Task goal - Copy out all the entries below, word for word.

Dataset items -
== == ==

Lemma midpoint_weight_in_LM M N C : weight_seq M -> 1 <= C ->
  (forall j k, M (j + k)%nat <= C ^ (j + k) * M j * M k) ->
  in_LM M N -> in_LM M (midpoint_weight C N).
Proof.
  intros HwM HC Hmg [HwN [Hnq [HMN Hlc]]].
  pose proof (weight_seq_pos N HwN) as HN.
  assert (HC0 : 0 < C) by lra.
  assert (Habove : forall k, M k <= midpoint_weight C N k).
  { apply midpoint_weight_above; auto.
    intros k; left; apply (weight_seq_pos M HwM). }
  assert (Hlc' : log_convex (fact_normalized (midpoint_weight C N)))
    by (apply midpoint_weight_log_convex; auto).
  split; [|split; [|split]].
  - apply (weight_seq_of_log_convex M); auto.
    + apply midpoint_weight_0, weight_seq_0; auto.
    + apply log_convex_of_fact_normalized; exact Hlc'.
  - apply midpoint_weight_nonquasianalytic; auto.
  - exact Habove.
  - exact Hlc'.
Qed.

Lemma moderate_growth_ge1 M : weight_seq M -> moderate_growth M ->
  exists C, 1 <= C /\ forall j k, M (j + k)%nat <= C ^ (j + k) * M j * M k.
Proof.
  intros HwM [C [HC Hmg]]; exists (Rmax C 1); split; [apply Rmax_r|].
  intros j k; eapply Rle_trans; [apply Hmg|].
  pose proof (weight_seq_pos M HwM j); pose proof (weight_seq_pos M HwM k).
  rewrite !Rmult_assoc; apply Rmult_le_compat_r; [nra|].
  apply pow_incr; split; [lra | apply Rmax_l].
Qed.

Theorem lemma6p3 (M : nat -> R) :
  weight_seq M -> quasianalytic M -> intersectable M ->
  (forall N, in_LM M N ->
     is_lim_seq (fun k => Rpower (N k / INR (Factorial.fact k)) (/ INR k)) p_infty) /\
  (moderate_growth M ->
     forall N, in_LM M N ->
       exists N', in_LM M N' /\ Rbar_lt (mg N' N) p_infty).
Proof.
  intros HwM _ _; split.
  - intros N [HwN [Hnq _]]; exact (nonquasianalytic_root_lim N HwN Hnq).
  - intros Hmg N HN.
    destruct (moderate_growth_ge1 M HwM Hmg) as [C [HC HMC]].
    exists (midpoint_weight C N); split; [exact (midpoint_weight_in_LM M N C HwM HC HMC HN)|].
    destruct HN as [HwN [_ [_ Hlc]]].
    pose proof (weight_seq_pos N HwN) as HN.
    apply Rbar_le_lt_trans with (2 * C); [|exact I].
    apply mg_le_of_bound; [apply midpoint_weight_pos; auto; lra | exact HN | lra |].
    apply midpoint_weight_le_pow2; auto; lra.
Qed.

== == ==

Answer below -
Lemma midpoint_weight_in_LM M N C : weight_seq M -> 1 <= C ->
  (forall j k, M (j + k)%nat <= C ^ (j + k) * M j * M k) ->
  in_LM M N -> in_LM M (midpoint_weight C N).
Proof.
  intros HwM HC Hmg [HwN [Hnq [HMN Hlc]]].
  pose proof (weight_seq_pos N HwN) as HN.
  assert (HC0 : 0 < C) by lra.
  assert (Habove : forall k, M k <= midpoint_weight C N k).
  { apply midpoint_weight_above; auto.
    intros k; left; apply (weight_seq_pos M HwM). }
  assert (Hlc' : log_convex (fact_normalized (midpoint_weight C N)))
    by (apply midpoint_weight_log_convex; auto).
  split; [|split; [|split]].
  - apply (weight_seq_of_log_convex M); auto.
    + apply midpoint_weight_0, weight_seq_0; auto.
    + apply log_convex_of_fact_normalized; exact Hlc'.
  - apply midpoint_weight_nonquasianalytic; auto.
  - exact Habove.
  - exact Hlc'.
Qed.

Lemma moderate_growth_ge1 M : weight_seq M -> moderate_growth M ->
  exists C, 1 <= C /\ forall j k, M (j + k)%nat <= C ^ (j + k) * M j * M k.
Proof.
  intros HwM [C [HC Hmg]]; exists (Rmax C 1); split; [apply Rmax_r|].
  intros j k; eapply Rle_trans; [apply Hmg|].
  pose proof (weight_seq_pos M HwM j); pose proof (weight_seq_pos M HwM k).
  rewrite !Rmult_assoc; apply Rmult_le_compat_r; [nra|].
  apply pow_incr; split; [lra | apply Rmax_l].
Qed.

Theorem lemma6p3 (M : nat -> R) :
  weight_seq M -> quasianalytic M -> intersectable M ->
  (forall N, in_LM M N ->
     is_lim_seq (fun k => Rpower (N k / INR (Factorial.fact k)) (/ INR k)) p_infty) /\
  (moderate_growth M ->
     forall N, in_LM M N ->
       exists N', in_LM M N' /\ Rbar_lt (mg N' N) p_infty).
Proof.
  intros HwM _ _; split.
  - intros N [HwN [Hnq _]]; exact (nonquasianalytic_root_lim N HwN Hnq).
  - intros Hmg N HN.
    destruct (moderate_growth_ge1 M HwM Hmg) as [C [HC HMC]].
    exists (midpoint_weight C N); split; [exact (midpoint_weight_in_LM M N C HwM HC HMC HN)|].
    destruct HN as [HwN [_ [_ Hlc]]].
    pose proof (weight_seq_pos N HwN) as HN.
    apply Rbar_le_lt_trans with (2 * C); [|exact I].
    apply mg_le_of_bound; [apply midpoint_weight_pos; auto; lra | exact HN | lra |].
    apply midpoint_weight_le_pow2; auto; lra.
Qed.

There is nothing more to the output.